Tensorflow's linear classifiers, such as logistic regression, are structured as estimators. An estimator has the ability to compute the objective function of the ML model, and take a step towards reducing it. Tensorflow has built-in estimators such as "LinearClassifier", which is just a logistic regression trainer. These estimators have additional metrics that are calculated, such as the average accuracy at threshold = 0.5.


In [0]:
# Tweak this hyperparameter to improve debugging precision-recall AUC. 
REG_L1 = 5.0  # Use the inverse of C in sklearn, i.e 1/C.
LEARNING_RATE = 2.0  # How aggressively to adjust coefficients during optimization?
TRAINING_STEPS = 20000

# The estimator requires an array of features from the dictionary of feature columns to use in the model
feature_columns = [real_valued_column('features', dimension=FEATURE_LENGTH)]

# We use Tensorflow's built-in LinearClassifier estimator, which implements a logistic regression.
# You can go to the model_dir below to see what Tensorflow leaves behind during training.
# Delete the directory if you wish to retrain.
estimator = LinearClassifier(feature_columns=feature_columns,
                             optimizer=tf.train.FtrlOptimizer(
                               learning_rate=LEARNING_RATE,
                               l1_regularization_strength=REG_L1),
                             model_dir=OUTPUT_DIR + '-model-reg-' + str(REG_L1)
                            )

Experiments and Runners

An experiment is a TensorFlow object that stores the estimator, as well as several other parameters. It can also periodically write the model progress into checkpoints which can be loaded later if you would like to continue the model where the training last left off.

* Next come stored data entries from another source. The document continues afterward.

(* Reflectivity pins down S completely: below the genus g its elements are the
   multiples of a = m(S), on [g, 2g) an integer x lies in S iff x - g does not,
   and beyond 2g there are no gaps.  Writing g = ka + r + 1 (so r + 1 < a, as a
   does not divide the gap g), the Frobenius number is F = g + ka and n |-> F - n
   exchanges elements and gaps everywhere except on the block ka < n < g of r
   consecutive gaps.  Hence S is symmetric iff this block is empty (r = 0) and
   pseudo-symmetric iff it is the single point F/2 (r = 1); for r >= 2 both
   S u {F} and S u {g - 1} are semigroups, and they meet in S. *)

Section NumericalSemigroup.
Variable S : numsg.

Lemma mult_gt0 : 0 < mult S.
Proof. by rewrite /mult; case: ex_minnP => m /andP[]. Qed.

Lemma mem_mult : S (mult S).
Proof. by rewrite /mult; case: ex_minnP => m /andP[]. Qed.

Lemma mult_min n : 0 < n -> S n -> mult S <= n.
Proof. by move=> n_gt0 Sn; rewrite /mult; case: ex_minnP => m _; apply; rewrite n_gt0. Qed.

Lemma mem_muln x k : S x -> S (x * k).
Proof.
move=> Sx; elim: k => [|k IHk]; first by rewrite muln0 nsg_0.
by rewrite mulnS nsg_add.
Qed.

Lemma mem_dvd_mult n : mult S %| n -> S n.
Proof. by case/dvdnP=> k ->; rewrite mulnC mem_muln ?mem_mult. Qed.

End NumericalSemigroup.

Section Adjoin.
Variables (S : numsg) (h : nat).
Hypotheses (add_h : forall s, S s -> 0 < s -> S (h + s)) (double_h : S (h + h)).

Definition adjoin_pred : pred nat := fun n => S n || (n == h).

Lemma adjoin_pred0 : adjoin_pred 0.
Proof. by rewrite /adjoin_pred nsg_0. Qed.

Lemma adjoin_pred_add x y : adjoin_pred x -> adjoin_pred y -> adjoin_pred (x + y).
Proof.
rewrite /adjoin_pred => /orP[Sx|/eqP->] /orP[Sy|/eqP->]; first by rewrite nsg_add.
- have [->|x_gt0] := posnP x; first by rewrite eqxx orbT.
  by rewrite addnC add_h.
- have [->|y_gt0] := posnP y; first by rewrite addn0 eqxx orbT.
  by rewrite add_h.
- by rewrite double_h.
Qed.

Lemma adjoin_pred_cofin n : nsg_c S <= n -> adjoin_pred n.
Proof. by move=> le_cn; rewrite /adjoin_pred nsg_cofin. Qed.

Definition nsg_adjoin : numsg :=
  NumSg adjoin_pred0 adjoin_pred_add adjoin_pred_cofin.

Lemma proper_sub_adjoin : ~~ S h -> Defs.proper_sub S nsg_adjoin.
Proof.
move=> nSh; split=> [n Sn|]; first by rewrite /= /adjoin_pred Sn.
by exists h; rewrite /= /adjoin_pred eqxx orbT nSh.
Qed.

End Adjoin.

Section Frobenius.
Variables (S : numsg) (F : nat).
Hypotheses (gap_F : ~~ S F) (gap_le_F : forall n, ~~ S n -> n <= F).

Lemma mem_gt_F n : F < n -> S n.
Proof. by move=> lt_Fn; apply: contraT => /gap_le_F; rewrite leqNgt lt_Fn. Qed.

Lemma frobE : frob S = F.
Proof.
have lt_Fc : F < nsg_c S by rewrite ltnNge; apply: contra gap_F; apply: nsg_cofin.
rewrite /frob; suff -> : \max_(n < nsg_c S | ~~ S n) n.+1 = F.+1 by lia.
apply/eqP; rewrite eqn_leq; apply/andP; split.
  by apply/bigmax_leqP => i /gap_le_F.
exact: (@leq_bigmax_cond _ (fun n : 'I_(nsg_c S) => ~~ S n) (fun n => n.+1) (Ordinal lt_Fc)).
Qed.

Lemma memZ_dualE (z : int) :
  (memZ S z != memZ S (F%:Z - z)%R) =
  if z is Posz n then (n <= F) ==> (S n != S (F - n)) else true.
Proof.
case: z => n /=.
  have [le_nF|lt_Fn] := leqP n F; first by rewrite subzn.
  by rewrite /memZ /= mem_gt_F //; have -> : (0 <= F%:Z - n%:Z)%R = false by lia.
have -> : (F%:Z - Negz n = (F + n.+1)%:Z)%R by rewrite NegzE opprK PoszD.
by rewrite /memZ /= mem_gt_F //; lia.
Qed.

Lemma symmetric_nsgP :
  symmetric_nsg S <-> forall n, n <= F -> S n != S (F - n).
Proof.
rewrite /symmetric_nsg frobE; split=> [sym n le_nF|dual [n|n]].
- by have := sym n; rewrite memZ_dualE le_nF.
- by rewrite memZ_dualE; apply/implyP/dual.
- by rewrite memZ_dualE.
Qed.

Lemma pseudo_symmetric_nsgP :
  pseudo_symmetric_nsg S <->
  ~~ odd F /\ forall n, n <= F -> n.*2 != F -> S n != S (F - n).
Proof.
rewrite /pseudo_symmetric_nsg frobE divz_nat -dvdn2.
have halfE n : 2 %| F -> (n.*2 != F) = (n%:Z != (F %/ 2)%:Z)%R.
  by move=> evenF; apply/idP/idP; apply: contra => /eqP; lia.
split=> -[evenF dual]; split=> //.
- by move=> n le_nF; rewrite halfE //; have := dual n; rewrite memZ_dualE le_nF.
- case=> n ne_half; rewrite memZ_dualE //.
  by apply/implyP => le_nF; rewrite dual // halfE.
Qed.

Lemma mem_F_proper_sup (T : numsg) :
  (forall n, n <= F -> n.*2 != F -> S n != S (F - n)) -> Defs.proper_sub S T -> T F.
Proof.
move=> dual [subST [h /andP[Th nSh]]]; have le_hF := gap_le_F nSh.
have [<-|ne_hF] := eqVneq h.*2 F; first by rewrite -addnn nsg_add.
have := dual h le_hF ne_hF; rewrite (negbTE nSh) negbK => SFh.
by rewrite -(subnKC le_hF) nsg_add // subST.
Qed.

(* A proper oversemigroup of S must contain F, so two of them cannot meet in S. *)
Lemma irreducible_of_dual :
  (forall n, n <= F -> n.*2 != F -> S n != S (F - n)) -> irreducible_nsg S.
Proof.
move=> dual [T1 [T2 [subT1 subT2 meetS]]]; move: gap_F.
by rewrite meetS !(mem_F_proper_sup dual).
Qed.

Lemma not_irreducible_adjoin h :
  ~~ S h -> h != F -> (forall s, S s -> 0 < s -> S (h + s)) -> S (h + h) ->
  ~ irreducible_nsg S.
Proof.
move=> nSh ne_hF add_h double_h; apply.
have F_gt0 : 0 < F by case: posnP gap_F => // ->; rewrite nsg_0.
have add_F s : S s -> 0 < s -> S (F + s) by move=> _ s_gt0; apply: mem_gt_F; lia.
have double_F : S (F + F) by apply: mem_gt_F; lia.
exists (nsg_adjoin add_F double_F), (nsg_adjoin add_h double_h); split.
- exact: proper_sub_adjoin.
- exact: proper_sub_adjoin.
- move=> n; rewrite /= /adjoin_pred; case: (S n) => //=.
  by apply/esym/negP => /andP[/eqP-> /eqP eFh]; rewrite eFh eqxx in ne_hF.
Qed.

End Frobenius.

Definition reflective_pred (a g : nat) : pred nat :=
  fun x => if x < g then a %| x else if x < g.*2 then ~~ (a %| x - g) else true.

Section Reflective.
Variable S : numsg.
Hypothesis reflS : reflective_nsg S.
Local Notation g := (genus S).
Local Notation a := (mult S).

Lemma mem_add_genus z : z < g -> S (z + g) = ~~ S z.
Proof. by case: reflS => _ dual_g /dual_g; case: (S z); case: (S (z + g)). Qed.

Lemma gap_genus : ~~ S g.
Proof. by have := mem_add_genus reflS.1; rewrite add0n nsg_0 => ->. Qed.

(* A non-multiple x of a below g would make x - a a gap, so x + g = (x - a + g) + a
   would lie in S, contradicting reflectivity at x. *)
Lemma mem_lt_genus x : x < g -> S x = (a %| x).
Proof.
elim/ltn_ind: x => x IHx lt_xg; apply/idP/idP; last exact: mem_dvd_mult.
move=> Sx; have [->|x_gt0] := posnP x; first exact: dvdn0.
have le_ax := mult_min x_gt0 Sx; have a_gt0 := mult_gt0 S.
apply: contraT => ndvd_ax.
have S_xa : ~~ S (x - a).
  apply: contra ndvd_ax; rewrite IHx; [|lia|lia].
  by move=> dvd_a; rewrite -(subnK le_ax) dvdn_add.
have := mem_add_genus lt_xg; rewrite Sx /=.
have -> : x + g = (x - a + g) + a by lia.
by rewrite nsg_add ?mem_mult ?mem_add_genus //; lia.
Qed.

Lemma mem_lt_double_genus x : g <= x < g.*2 -> S x = ~~ (a %| x - g).
Proof.
case/andP=> le_gx lt_x2g.
by rewrite -mem_lt_genus -?mem_add_genus ?subnK //; lia.
Qed.

(* The gaps below 2g already number g: on [g, 2g) the gaps mirror the elements of [0, g). *)
Lemma mem_ge_double_genus x : g.*2 <= x -> S x.
Proof.
move=> le_2gx; apply: contraT => nSx.
have lt_xc : x < nsg_c S by rewrite ltnNge; apply: contra nSx; apply: nsg_cofin.
have : g = count (predC S) (iota 0 (nsg_c S)) by [].
have -> : nsg_c S = g + g + (nsg_c S - g.*2) by lia.
rewrite !iotaD !count_cat !add0n.
have -> : count (predC S) (iota g g) = count S (iota 0 g).
  rewrite -[X in iota X _]addn0 iotaDl count_map.
  apply: eq_in_count => z; rewrite mem_iota => /andP[_ lt_zg].
  by rewrite /= addnC mem_add_genus // negbK.
rewrite [count (predC S) _ + _]addnC count_predC size_iota.
have : 0 < count (predC S) (iota (g + g) (nsg_c S - g.*2)).
  by rewrite -has_count; apply/hasP; exists x => //; rewrite mem_iota; lia.
lia.
Qed.

Lemma reflective_nsgE : S =1 reflective_pred a g.
Proof.
move=> x; rewrite /reflective_pred.
have [lt_xg|le_gx] := ltnP x g; first exact: mem_lt_genus.
have [lt_x2g|le_2gx] := ltnP x g.*2; last exact: mem_ge_double_genus.
by apply: mem_lt_double_genus; rewrite le_gx.
Qed.

Lemma mult_ndvd_genus : ~~ (a %| g).
Proof. by apply: contra gap_genus; apply: mem_dvd_mult. Qed.

Lemma mult_gt1 : 1 < a.
Proof. by case: a (mult_gt0 S) mult_ndvd_genus => [|[|]] //; rewrite dvd1n. Qed.

End Reflective.

Section ReflectivePred.
Variables (S : numsg) (a k r : nat).
Hypotheses (a_gt1 : 1 < a) (r_lt_a : r < a).
Hypothesis memS : S =1 reflective_pred a (k * a + r).+1.
Local Notation g := (k * a + r).+1.
Local Notation F := (g + k * a).

Lemma gap_F : ~~ S F.
Proof.
rewrite memS /reflective_pred; have -> : (F < g) = false by lia.
have -> : F < g.*2 by lia.
by rewrite addKn negbK dvdn_mull.
Qed.

Lemma gap_le_F n : ~~ S n -> n <= F.
Proof.
rewrite memS /reflective_pred; case: ltnP => [lt_ng _|le_gn]; first lia.
case: ltnP => // lt_n2g; rewrite negbK => /dvdnP[q eq_nq].
have a_gt0 : 0 < a by lia.
have le_qk : q <= k by rewrite -ltnS -(ltn_pmul2r a_gt0); lia.
have : q * a <= k * a by rewrite leq_pmul2r.
lia.
Qed.

Lemma middle_gap n : k * a < n < g -> ~~ S n.
Proof.
rewrite memS /reflective_pred => /andP[lt_kan lt_ng]; rewrite lt_ng.
have -> : n = k * a + (n - k * a) by lia.
by rewrite dvdn_addr ?dvdn_mull // gtnNdvd //; lia.
Qed.

Lemma mem_dual n : n <= F -> ~~ (k * a < n < g) -> S n != S (F - n).
Proof.
have low m : m <= k * a -> S m != S (F - m).
  move=> le_mka; rewrite !memS /reflective_pred.
  have -> : m < g by lia.
  have -> : (F - m < g) = false by lia.
  have -> : F - m < g.*2 by lia.
  have -> : F - m - g = k * a - m by lia.
  by rewrite dvdn_subr ?dvdn_mull //; case: (a %| m).
move=> le_nF; rewrite negb_and -!leqNgt => /orP[le_nka|le_gn]; first exact: low.
by rewrite eq_sym; have := low (F - n); rewrite subKn //; apply; lia.
Qed.

Lemma middle_gap_pair : 0 < r -> S g.-1 = S (F - g.-1).
Proof. by move=> r_gt0; rewrite !(negbTE (middle_gap _)) //; lia. Qed.

Lemma odd_F : odd F = ~~ odd r.
Proof. by rewrite (_ : F = (k * a).*2 + r.+1) ?oddD ?odd_double //; lia. Qed.

Lemma symmetric_nsg_iff : symmetric_nsg S <-> r = 0.
Proof.
rewrite (symmetric_nsgP gap_F gap_le_F); split=> [dual|r0 n le_nF].
- apply/eqP; apply: contraT => r_neq0.
  by have := dual g.-1; rewrite middle_gap_pair ?eqxx //; lia.
- by apply: mem_dual => //; lia.
Qed.

Lemma pseudo_symmetric_nsg_iff : pseudo_symmetric_nsg S <-> r = 1.
Proof.
rewrite (pseudo_symmetric_nsgP gap_F gap_le_F) odd_F negbK.
split=> [[odd_r dual]|r1].
- have r_gt0 : 0 < r by case: r odd_r.
  apply/eqP; apply: contraT => r_neq1.
  by have := dual g.-1; rewrite middle_gap_pair ?eqxx //; lia.
- split=> [|n le_nF ne_half]; first by rewrite r1.
  by apply: mem_dual => //; lia.
Qed.

Lemma add_pred_genus s : S s -> 0 < s -> S (g.-1 + s).
Proof.
move=> Ss s_gt0; have [lt_sg|le_gs] := ltnP s g.
- move: Ss; rewrite !memS /reflective_pred lt_sg.
  have -> : (g.-1 + s < g) = false by lia.
  have -> : g.-1 + s < g.*2 by lia.
  apply: contraL => dvd_a; have -> : s = (g.-1 + s - g) + 1 by lia.
  by rewrite dvdn_addr // dvdn1; lia.
- have gap_g : ~~ S g.
    rewrite memS /reflective_pred ltnn; have -> : g < g.*2 by lia.
    by rewrite subnn dvdn0.
  have lt_gs : g < s by rewrite ltn_neqAle le_gs andbT; apply: contraTneq Ss => <-.
  rewrite memS /reflective_pred; have -> : (g.-1 + s < g) = false by lia.
  by have -> : (g.-1 + s < g.*2) = false by lia.
Qed.

Lemma double_pred_genus : 1 < r -> S (g.-1 + g.-1).
Proof.
move=> r_gt1; rewrite memS /reflective_pred.
have -> : (g.-1 + g.-1 < g) = false by lia.
have -> : g.-1 + g.-1 < g.*2 by lia.
have -> : g.-1 + g.-1 - g = k * a + r.-1 by lia.
by rewrite dvdn_addr ?dvdn_mull // gtnNdvd //; lia.
Qed.

Lemma irreducible_nsg_iff : irreducible_nsg S <-> r <= 1.
Proof.
split=> [irr|le_r1].
- rewrite leqNgt; apply/negP => r_gt1.
  apply: (not_irreducible_adjoin gap_F gap_le_F (h := g.-1)) irr.
  + by apply: middle_gap; lia.
  + by apply/eqP; lia.
  + exact: add_pred_genus.
  + exact: double_pred_genus.
- apply: (irreducible_of_dual gap_F gap_le_F) => n le_nF ne_half.
  by apply: mem_dual => //; lia.
Qed.

End ReflectivePred.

Some of the parameters are:

  • train_steps: how many times to adjust model weights before stopping
  • eval_steps: when a summary is written, the model, in its current state of progress, will try to predict the debugging data and calculate its accuracy. Eval_steps is set to 1 because we only need to call the input function once (already returns the entire evaluation dataset).
  • The rest of the parameters just boils down to "do evaluation once".

(If you run the below script multiple times without changing REG_L1 or train_steps, you will notice that the model does not train, as you've already trained the model that many steps for the given configuration).


In [0]:
def generate_experiment_fn():
  def _experiment_fn(output_dir):
    return Experiment(estimator=estimator,
                      train_input_fn=train_input_fn,
                      eval_input_fn=eval_input_fn,
                      train_steps=TRAINING_STEPS,
                      eval_steps=1,
                      min_eval_frequency=1)
  return _experiment_fn

Step 6: Train Logistic Regression with TensorFlow

Unless you change TensorFlow's verbosity, there is a lot of text that is outputted. Such text can be useful when debugging a distributed training pipeline, but is pretty noisy when running from a notebook locally. The line to look for is the chunk at the end where "accuracy" is reported. This is the final result of the model.


In [0]:
learn_runner.run(generate_experiment_fn(), OUTPUT_DIR + '-model-reg-' + str(REG_L1))